Part 3 · The Deeper Protocol

MCP Server Design · ~7 min

The Server Talks Back

Most of MCP runs one way: the client calls, the server answers. Two features reverse that arrow — the server asks the user, or asks the model. Both are powerful, and both widen the trust surface.

Why this, for you: a tool that can pause mid-call to request a missing value, or to ask the host's model to reason, can do things a static schema can't. But every reversed arrow is a new way a server reaches back into the session — so knowing what each adds, and what gate guards it, is part of designing the server responsibly.

Tool schemas fix inputs at registration time. But some inputs aren't knowable until the call is already running, and some steps need reasoning, not rules. Elicitation and sampling are the two server-initiated requests that fill those gaps — each flowing from server back to the client.

1 Elicitation: ask the user mid-call

A tool parameter is decided when the tool is registered. Elicitation covers the inputs that only become knowable mid-task — after the server has inspected state, resolved a dependency, or reached a branch. The server pauses the in-flight call, describes the missing fields as a form, and the client collects the user's answer.

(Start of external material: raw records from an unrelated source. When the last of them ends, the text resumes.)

(* Let $z_1,\dots,z_m\in\partial\mathbb{D}$ be distinct, $\mu=\sum_{j=1}^m\mu_j\delta_{z_j}$ with $\mu_j>0$, $\sum\mu_j=1$, and $G$ real-valued on $\{z_1,\dots,z_m\}$, numbered so that $G(z_1)\ge\cdots\ge G(z_m)$. Let $K_1,\dots,K_L$ be the $K$-groups $K_i=\{k_{i-1}+1,\dots,k_i\}$ ($k_0=0$, $k_L=m$), i.e. maximal blocks of consecutive indices on which $G(z_\cdot)$ is constant. Let $\mu_t=e^{tG}\mu/\int e^{tG}d\mu$ and fix $n\in K_r$. Then there exist $r_0>0$, $T\ge0$ and $C$ such that for all $t\ge T$ and each $j=1,\dots,k_{r-1}$, the disk $\{z:|z-z_j|<r_0\}$ contains exactly one zero $z_j^{(n)}(t)$ of $\Phi_n(z;\mu_t)$, and \[ |z_j^{(n)}(t)-z_j|\le C\exp\bigl(t[G(z_n)-G(z_j)]\bigr). \]
   Context: $\Phi_n(z;\nu)$ denotes the monic orthogonal polynomial of degree $n$ for a positive measure $\nu$ on $\partial\mathbb{D}$ whose support has at least $n$ points (the unique monic degree-$n$ polynomial orthogonal in $L^2(\nu)$ to all lower-degree polynomials). *)

From HB Require Import structures.
From mathcomp Require Import all_boot all_order all_algebra.
From mathcomp Require Import complex.
From mathcomp Require Import classical_sets reals sequences exp.

Set Implicit Arguments.
Unset Strict Implicit.
Unset Printing Implicit Defensive.

Import Order.TTheory GRing.Theory Num.Theory.
Local Open Scope complex_scope.
Local Open Scope ring_scope.

Section OPUC.
Variable R : realType.
Local Notation C := (R[i]).

(* The discrete measure nu = sum_j w j * delta_(z j) on the points z : 'I_m -> C.
   L^2(nu) inner product  <f, g> = \int f * conj g dnu. *)
Definition inner_disc (m : nat) (w : 'I_m -> R) (z : 'I_m -> C) (f g : {poly C}) : C :=
  \sum_(j < m) (w j)%:C * f.[z j] * (g.[z j])^*.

ApproachInputs known…Trade-off
Tool schema parameterAt registration timeGood for predictable inputs; breaks for contextual ones
ElicitationMid-task, on demandAccurate for contextual inputs; interrupts headless runs

The form schema is deliberately thin: only flat primitive fields — text, number, boolean, select. No nested objects, conditionals, or arrays. If the missing input is structurally complex, model it as a tool parameter or a multi-step tool sequence instead.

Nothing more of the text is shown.